Hi guys, I need some help with a question from the IB HL maths papers.
Not sure how this works:
Sin(2n+1)xcosx - cos(2n+1)xsinx = sin(2n+1)x - x = sin 2nx
Could some1 show me more detailed steps or give me some hints on how equation holds?
Hi guys, I need some help with a question from the IB HL maths papers.
Not sure how this works:
Sin(2n+1)xcosx - cos(2n+1)xsinx = sin(2n+1)x - x = sin 2nx
Could some1 show me more detailed steps or give me some hints on how equation holds?
Apply $\displaystyle \displaystyle \begin{align*} \sin{\left(a - b\right)} \equiv \sin{(a)}\cos{(b)} - \cos{(a)}\sin{(b)} \end{align*}$ with $\displaystyle \displaystyle \begin{align*} a = (2n + 1)x \end{align*}$ and $\displaystyle \displaystyle \begin{align*} b = x \end{align*}$.

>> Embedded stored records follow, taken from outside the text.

Lemma range_Tm_eq_range_P (u : X) : (exists y, u = Tm y) <-> (exists v, u = Tm (A1 v)).
Proof. split=> [[y ->] | [v ->]]; [by exists (Tm y); rewrite Tm_C1_Tm | by exists (A1 v)]. Qed.

Lemma Tm_C1_T0 (y : Y) : Tm (A1 (T0 y)) = zero.
Proof.
  have := f_equal Tm (right_id1 y).
  by rewrite (linear_plus _ HTm) TmC0 plus_zero_l (linear_zero _ HTm).
Qed.

Lemma T0_C1_Tm (y : Y) : T0 (A1 (Tm y)) = zero.
Proof.
  have E := f_equal T0 (right_id y). rewrite (linear_plus _ HT0) in E.
  have E' := left_id (T0 y). rewrite Tm_C1_T0 plus_zero_l in E'.
  rewrite E' in E. exact: plus_left_zero E.
Qed.

(* The explicit inverse of I - T_0 C1:  J = T_{-1} C1 + A0^{-1} C0. *)
Definition J_op (u : X) : X := plus (Tm (A1 u)) (R0 (C0 u)).

Lemma J_linear : is_linear J_op.
Proof. exact: is_linear_plus_fun _ _ (is_linear_comp _ _ HA1 HTm) (is_linear_comp _ _ HC0 HR0). Qed.

Lemma J_right_inverse (u : X) : minus (J_op u) (T0 (A1 (J_op u))) = u.
Proof.
  set v := R0 (C0 u).
  have Hv : C0 v = plus (C0 u) (A1 v) by rewrite /C0 /v R0_right.
  have hTm : Tm (A1 v) = zero.
  { have := TmC0 v. by rewrite Hv (linear_plus _ HTm) TmC0 plus_zero_l. }
  have hT0 : T0 (A1 v) = minus v (T0 (C0 u)).
  { have := left_id v. rewrite hTm plus_zero_l Hv (linear_plus _ HT0). exact: plus_solve_r. }
  rewrite /J_op -/v (linear_plus _ HA1) (linear_plus _ HT0) T0_C1_Tm plus_zero_l hT0.
  by rewrite minus_plus_minus left_id.
Qed.

Lemma J_left_inverse (u : X) : J_op (minus u (T0 (A1 u))) = u.
Proof.
  rewrite /J_op (linear_minus _ _ _ HA1) (linear_minus _ _ _ HTm) Tm_C1_T0 minus_zero_r.
  rewrite (linear_minus _ _ _ HC0).
  have -> : C0 (T0 (A1 u)) = minus (A1 u) (A1 (Tm (A1 u))) by apply: plus_solve_r; apply: right_id.
  have -> : A1 (Tm (A1 u)) = opp (A0 (Tm (A1 u))).
  { apply: plus_eq_zero_opp. rewrite plus_comm. exact: C0Tm. }
  rewrite /C0 /minus opp_plus opp_opp -plus_assoc (plus_assoc (A1 u)) plus_opp_r plus_zero_l.
  rewrite (linear_plus _ HR0) R0_left (linear_opp _ _ HR0) R0_left.
  by rewrite plus_comm -plus_assoc plus_opp_l plus_zero_r.
Qed.

Lemma J_is_inverse : is_bounded_inverse (fun u => minus u (T0 (A1 u))) J_op.
Proof. split; [exact: J_linear | split; [exact: J_right_inverse | exact: J_left_inverse]]. Qed.

Lemma J_commutes (u : X) : J_op (T0 (A1 u)) = T0 (A1 (J_op u)).
Proof.
  rewrite -{1}(J_right_inverse u) (linear_minus _ _ _ HA1) (linear_minus _ _ _ HT0).
  exact: J_left_inverse.
Qed.

Let Pc (u : X) : X := minus u (Tm (A1 u)).

Lemma Tm_A0 (u : X) : Tm (A0 u) = opp (Tm (A1 u)).
Proof. apply: plus_eq_zero_opp. rewrite -(linear_plus _ HTm). exact: TmC0. Qed.

Lemma T0_A0 (u : X) : T0 (A0 u) = minus (Pc u) (T0 (A1 u)).
Proof.
  have E := left_id u. rewrite /C0 (linear_plus _ HT0) plus_assoc in E.
  apply: plus_solve_l. apply: plus_solve_r. by rewrite plus_assoc.
Qed.

Lemma T0_C1_Pc (u : X) : T0 (A1 (Pc u)) = T0 (A1 u).
Proof. by rewrite /Pc (linear_minus _ _ _ HA1) (linear_minus _ _ _ HT0) T0_C1_Tm minus_zero_r. Qed.

Section Recursion.
Variables (g : Z -> Y) (x : Z -> X) (c : X).
Hypotheses (Hc : exists y, c = Tm y) (Hinit : x (-1)%Z = c).
Hypothesis Hrec : forall t : nat,
  plus (A0 (x (Z.of_nat t))) (A1 (x (Z.of_nat t - 1)%Z)) = g (Z.of_nat t).

Let G (t : nat) : Y := sum_n (fun s => g (Z.of_nat t - Z.of_nat s)%Z) t.

Lemma solution_range_part (t : nat) : Tm (A1 (x (Z.of_nat t))) = minus (Tm (A1 c)) (Tm (G t)).
Proof.
  have step : forall t : nat, Tm (A1 (x (Z.of_nat t)))
      = minus (Tm (A1 (x (Z.of_nat t - 1)%Z))) (Tm (g (Z.of_nat t))).
  { move=> t0. have E := f_equal Tm (Hrec t0).
    rewrite (linear_plus _ HTm) Tm_A0 plus_comm in E. exact: minus_solve E. }
  elim: t => [|t IH]; first by rewrite step Hinit /G sum_O.
  rewrite step (_ : (Z.of_nat (S t) - 1 = Z.of_nat t)%Z); last lia.
  by rewrite IH /G convolution_shift (linear_plus _ HTm) minus_minus.
Qed.

Lemma solution_complement_part (t : nat) :
  Pc (x (Z.of_nat t)) = sum_n (fun s => Vcoef J_op T0 A1 s (g (Z.of_nat t - Z.of_nat s)%Z)) t.
Proof.
  have step : forall t : nat, Pc (x (Z.of_nat t))
      = J_op (minus (T0 (g (Z.of_nat t))) (T0 (A1 (Pc (x (Z.of_nat t - 1)%Z))))).
  { move=> t0. have E := f_equal T0 (Hrec t0).
    rewrite (linear_plus _ HT0) T0_A0 -(T0_C1_Pc (x (Z.of_nat t0 - 1)%Z)) in E.
    by rewrite -(plus_solve_l _ _ _ E) -(T0_C1_Pc (x (Z.of_nat t0))) J_left_inverse. }
  have HJK := J_commutes.
  elim: t => [|t IH].
  - have Pc0 : Pc c = zero.
    { case: Hc => y ->. by rewrite /Pc Tm_C1_Tm minus_eq_zero. }
    rewrite step Hinit Pc0 (linear_zero _ HA1) (linear_zero _ HT0) minus_zero_r sum_O.
    by rewrite Vcoef_0.
  - rewrite step (_ : (Z.of_nat (S t) - 1 = Z.of_nat t)%Z) ?IH; last lia.
    have HM : is_linear (fun v => opp (J_op (T0 (A1 v)))).
    { exact: is_linear_comp (is_linear_comp _ _ (is_linear_comp _ _ HA1 HT0) J_linear) is_linear_opp. }
    have E : sum_n (fun s => Vcoef J_op T0 A1 (S s) (g (Z.of_nat (S t) - Z.of_nat (S s))%Z)) t
             = opp (J_op (T0 (A1 (sum_n (fun s => Vcoef J_op T0 A1 s
                                            (g (Z.of_nat t - Z.of_nat s)%Z)) t)))).
    { rewrite (linear_sum_n _ _ _ HM). apply: sum_n_ext => s.
      have -> : (Z.of_nat (S t) - Z.of_nat (S s) = Z.of_nat t - Z.of_nat s)%Z by lia.
      exact: (Vcoef_S _ _ _ J_linear HT0 HA1 HJK). }
    rewrite sum_n_shift E Vcoef_0 (linear_minus _ _ _ J_linear). by [].
Qed.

Yes, the formula for $\displaystyle \displaystyle \begin{align*} \sin{(A - B)} \end{align*}$ is derived from the $\displaystyle \displaystyle \begin{align*} \sin{(A + B)} \end{align*}$ formula, just letting $\displaystyle \displaystyle \begin{align*} B = -B \end{align*}$ and remembering that $\displaystyle \displaystyle \begin{align*} \cos{(-B)} = \cos{(B)} \end{align*}$ and $\displaystyle \displaystyle \begin{align*} \sin{(-B)} = -\sin{(B)} \end{align*}$.
And yes, you can derive a formula for $\displaystyle \displaystyle \begin{align*} \cos{(A - B)} \end{align*}$ using the $\displaystyle \displaystyle \begin{align*} \cos{(A + B)} \end{align*}$ formula using the same reasoning.